Eine Stunde nach Mittag stehen wir auf dem Gipfel und sind wieder einmal von der Natur überwältigt. Martin ist schon etwas nervös, denn er weiß dass oft am Nachmittag ganz ganz böse Wolken kommen und das Filmen erschweren. Immer diese Regisseure, stressen rum ohne Grund. Aber er hat recht. Es ist ein weiter Weg von 3200 Meter auf ca. 1600 Meter und gefilmt bzw. fotografiert wird sicher auch noch auf Teufel komm raus. Also zurück zu den Bikes, die Schützer angezogen und los geht’s. Ein bisschen Respekt haben wir schon vor der Abfahrt. Es ist wieder einmal alles dabei. Von Felspartien, über Geröllfelder mit Kopfgroßen Steinen, bis zu steilen, verwinkelten Trialstellen und das alles im absolut hochalpinen Gelände. Meter um Meter suchen wir uns den besten Weg hinunter ins Tal und immer wieder hört man Jubelschreie, wenn etwas besonders gut gefahren wurde. Unterbrochen von Film-, Foto- und Schwimmpausen erreichen wir Stunden später wieder den Ausgangspunkt von heute Morgen. Es wird fast schon zur Gewohnheit, dass die Bikes bestaunt werden und wir die üblichen Fragen beantworten, was alles fahrbar ist, wo man schon überall war und so weiter. Aber es ist immer wieder nett, dass soviele Wanderer unser Hobby respektieren und uns gegenüber wohlwollend sind. Im Endeffekt genießen wir ja alle nur die Natur und die Bewegung.

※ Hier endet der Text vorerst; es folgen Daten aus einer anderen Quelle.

Theorem corollary1p7 (R : realType) (k : closedFieldType) (abs : k -> R)
  (kt : fieldType) (red : k -> kt) (p : nat)
  (f g : {poly k}) :
  nonarch_abs abs ->
  abs_complete abs ->
  residue_map abs red ->
  p \in [pchar kt] ->
  (forall z : k, ~ (root f z /\ root g z)) ->
  (forall i, abs f`_i <= 1) -> (forall i, abs g`_i <= 1) ->
  (exists i, abs f`_i = 1 \/ abs g`_i = 1) ->
  (0 < rdeg f g)%N ->
  rdeg (map_poly red f) (map_poly red g) = rdeg f g ->
  (forall x y : option k, critical_point f g x -> critical_point f g y ->
     red_pt abs red x = red_pt abs red y) ->
  (rdeg f g %% p == 0)%N || (rdeg f g %% p == 1)%N.
Proof.
move=> abs_nonarch _ red_residue pchar_p no_common f_bound g_bound _ deg_gt0 good_red same_red.
have g_neq0 : g != 0 by apply: contraTneq deg_gt0 => ->; rewrite /rdeg eqxx.
have degE := rdeg_coprimep (coprimep_no_common_root no_common) g_neq0.
case deg_fg: (rdeg f g) deg_gt0 good_red degE => [|[|n]] // _ good_red degE.
  by rewrite modn_small ?prime_gt1 ?orbT // (pcharf_prime pchar_p).
have [[sf sg] top] : ((size f <= n.+3) /\ (size g <= n.+3))%N /\
    (size f = n.+3 \/ size g = n.+3) by move: (size f) (size g) degE => a b; lia.
have [copt topt] := rdeg_coprimep_size (leq_trans (size_poly _ _) sf)
  (leq_trans (size_poly _ _) sg) good_red isT.
have lead_neq0 : f`_n.+2 != 0 \/ g`_n.+2 != 0.
  by case: top => [/coef_size_neq0|/coef_size_neq0]; [left|right].
have [f_int g_int] : f \is a polyOver (integral abs) /\ g \is a polyOver (integral abs).
  by split; apply/polyOverP.
have [rs W_split] := closed_field_poly_normal (wronskian f g).
have [c [a [m [Wred m_cases]]]] := redp_wronskian_eq_scale_exp abs_nonarch red_residue
  f_int g_int no_common deg_fg sf sg lead_neq0 W_split same_red.
apply: modn_succ_of_dvdn_mul; first exact: pcharf_prime pchar_p.
exact: wronskian_eq_scale_exp_dvdn pchar_p copt topt Wred m_cases.
Qed.
(* In the setting below, suppose $p,q\geq5$. Then for all distinct $i,j,k\in\mathbb Z/N\mathbb Z$ we have $P_{ij}\subset P^+_{jk}$ and $Q_{ij}\subset Q^+_{jk}$.
   Context: Setting: $p,q$ distinct primes, $N=p+q$; $M=(m_{ik})_{i,k\in\mathbb Z/N\mathbb Z}$ has entries in $\mathbb Z/pq\mathbb Z$ and $(e^{2\pi i\,m_{ik}/pq})$ is a complex Hadamard matrix (unimodular entries, orthogonal rows). $L_i(k)=m_{ik}$, $L_{ij}=L_j-L_i$. For $d\mid pq$, $d(\mathbb Z/pq\mathbb Z)$ is the subgroup of multiples of $d$. For distinct $i,j$ there is a partition $\mathbb Z/N\mathbb Z=P_{ij}\sqcup Q_{ij}\sqcup R_{ij}$ and $r\in\mathbb Z/pq\mathbb Z$ with: $\#R_{ij}=2$ and $L_{ij}\equiv r$ on $R_{ij}$; $\#P_{ij}=p-1$ and $L_{ij}(P_{ij})=(r+q(\mathbb Z/pq\mathbb Z))\setminus\{r\}$; $\#Q_{ij}=q-1$ and $L_{ij}(Q_{ij})=(r+p(\mathbb Z/pq\mathbb Z))\setminus\{r\}$. This partition is unique ($R_{ij}$ is the pair of indices where $L_{ij}$ takes its unique repeated value). Put $P^+_{ij}=P_{ij}\cup R_{ij}$, $Q^+_{ij}=Q_{ij}\cup R_{ij}$. *)

From HB Require Import structures.
From mathcomp Require Import all_boot all_order all_algebra all_field.
Set Implicit Arguments. Unset Strict Implicit. Unset Printing Implicit Defensive.
Import Order.TTheory GRing.Theory Num.Theory.
Local Open Scope ring_scope.

(* e^{2 pi i / n} in algC: n.-root(-1) is the root of -1 with minimal
   non-negative argument, i.e. e^{i pi / n}; its square is e^{2 pi i/n}. *)
Definition zeta (n : nat) : algC := (n.-root (-1)) ^+ 2.

Section Setting.
Variables p q : nat.
(* indices: Z/NZ with N = p+q, represented by 'I_(p+q);
   entries: Z/pqZ represented by 'Z_(p*q) (pq >= 6 here). *)
Definition mat := 'M['Z_(p * q)]_(p + q).

(* The matrix (e^{2 pi i m_ik / pq}) has pairwise orthogonal rows
   (its entries are automatically unimodular). *)
Definition hadamard_exp (M : mat) : Prop :=
  forall i j : 'I_(p + q), i != j ->
    \sum_(k < p + q) zeta (p * q) ^+ (M i k : nat)
                      * (zeta (p * q) ^+ (M j k : nat))^* = 0.

Definition Ldiff (M : mat) (i j k : 'I_(p + q)) : 'Z_(p * q) := M j k - M i k.

Definition multiple_of (d : nat) (x : 'Z_(p * q)) : bool :=
  [exists y : 'Z_(p * q), x == d%:R * y].

Definition Rset (M : mat) (i j : 'I_(p + q)) : {set 'I_(p + q)} :=
  [set k | [exists k', (k' != k) && (Ldiff M i j k' == Ldiff M i j k)]].

(* P_ij: indices outside R_ij with L_ij(k) in r + q(Z/pqZ), r the value on R_ij *)
Definition Pset (M : mat) (i j : 'I_(p + q)) : {set 'I_(p + q)} :=
  [set k | (k \notin Rset M i j) &&
     [exists k0 in Rset M i j, multiple_of q (Ldiff M i j k - Ldiff M i j k0)]].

So, jetzt ist es aber soweit. Die letzten Höhenmeter liegen vor uns. Dieser Teil wird sicher absolut flowig. Und nachdem der Weg weit voraus einsehbar ist, lassen wir es so richtig krachen. Wenig später rollen wir erschöpft zum Biking-Hiking Bus.

Immer wieder diese Schlußsätze…
Oft werde ich gefragt, warum man sich das alles antut, das Bike und den Rucksack mit insgesamt 35 Kilogramm Gewicht den Berg hochzutragen und dann solch schwierige Wege herunter zu fahren.
Erklären kann man das nicht so einfach. Es ist vielleicht das Gefühl das sich im Körper nach jeder Tour ausbreitet. Eine Mischung aus Zufriedenheit, Stolz und Genugtuung eine Tour mit Hilfe von Landkarten und anderen technischen Raffinessen im Internet herauszusuchen und diese mit guten Freunden einen Tag lang zu genießen.